Posted from: Ayuthaya, Thailand
The ruins at Ayuthaya were like nothing I’d ever seen. Wat Si Sanphet, the largest of the templates, boasting three towering stone chedis, was used by 14th-century kings. I’ve read that it “once contained a 16m-high standing Buddha covered with 250 kgs of gold which was melted down by Burmese conqueror.”
I spent 4 hours marching from wat to wat, astounded that such heritage was plunked around the city, some ignored brick towers in the backyards of slums.
I started my tour at Wat Phra Mahathat and Wat Ratburana, across the street from each other, the former being home to a Buddha’s head statue around which a tree has grown – one of the most photographed sites in the city. Although the head is at knee level, an adjacent sign asks that you not stand taller than the head out of respect, and so visitors crouch and scrabble around on their knees.
I haven’t been to enough ancient grounds to know if it holds uniformly true, but it would seem that they would all exude the same powerful, solemn resonance as these did.
Ayuthaya’s geographical features are worth a mention as well.
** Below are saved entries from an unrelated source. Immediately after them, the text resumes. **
Theorem theorem3p1 (R : rcfType) (V : finType) (adj : rel V) (r : nat)
    (adj_sym : symmetric adj) (adj_irr : irreflexive adj)
    (regular : forall x : V, deg adj x = r) (r_ge2 : (2 <= r)%N)
    (a b : QV adj) (a_neq_b : a != b)
    (same_side : (isV a && isV b) || (~~ isV a && ~~ isV b))
    (theta : R) (theta_eig : eigenvalue (lap R adj) theta)
    (theta_neq : theta != 2 * r%:R) :
  let LQ := lap R (@qadj V adj) in
  let x := evec R a - evec R b in
  (in_supp LQ x (theta_p r theta) <-> in_supp LQ x (theta_m r theta)) /\
  (forall c d : QV adj, c != d ->
     strongly_cospectral LQ x (evec R c - evec R d) ->
     (in_LambdaP LQ x (evec R c - evec R d) (theta_p r theta) <->
      in_LambdaP LQ x (evec R c - evec R d) (theta_m r theta)) /\
     (in_LambdaM LQ x (evec R c - evec R d) (theta_p r theta) <->
      in_LambdaM LQ x (evec R c - evec R d) (theta_m r theta))).
Proof.
move=> LQ X.
have abV : isV a = isV b by move: same_side; case: (isV a); case: (isV b).
have Xs : one_sided (isV a) X by apply: one_sided_pair; rewrite ?abV.
split=> [|c d cd SC]; first exact: in_supp_theta_pm theta_neq Xs.
have [cdV acV] := cospectral_pairs_same_side adj_sym adj_irr regular a_neq_b cd abV SC.
have Ys : one_sided (isV a) (evec R c - evec R d).
  by apply: one_sided_pair; rewrite -?cdV acV.
by split; [apply: in_LambdaP_theta_pm Ys | apply: in_LambdaM_theta_pm Ys].
Qed.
It’s surrounded on all sides by rivers and the joining and splitting of rivers, making a sort of island in the middle of flatlands. My guesthouse, baan Khun Phra, sits on the bank of the Mae Nam Pa Sak, which meets the much larger Mae Nam Chao Phraya about 1km south. There are tugboats, longboats and little fishing sampans and every building on the channel’s edge has two entrances, one for foot traffic and one for water traffic.
Tomorrow I take the night train to Chiang Mai for a few months of blood.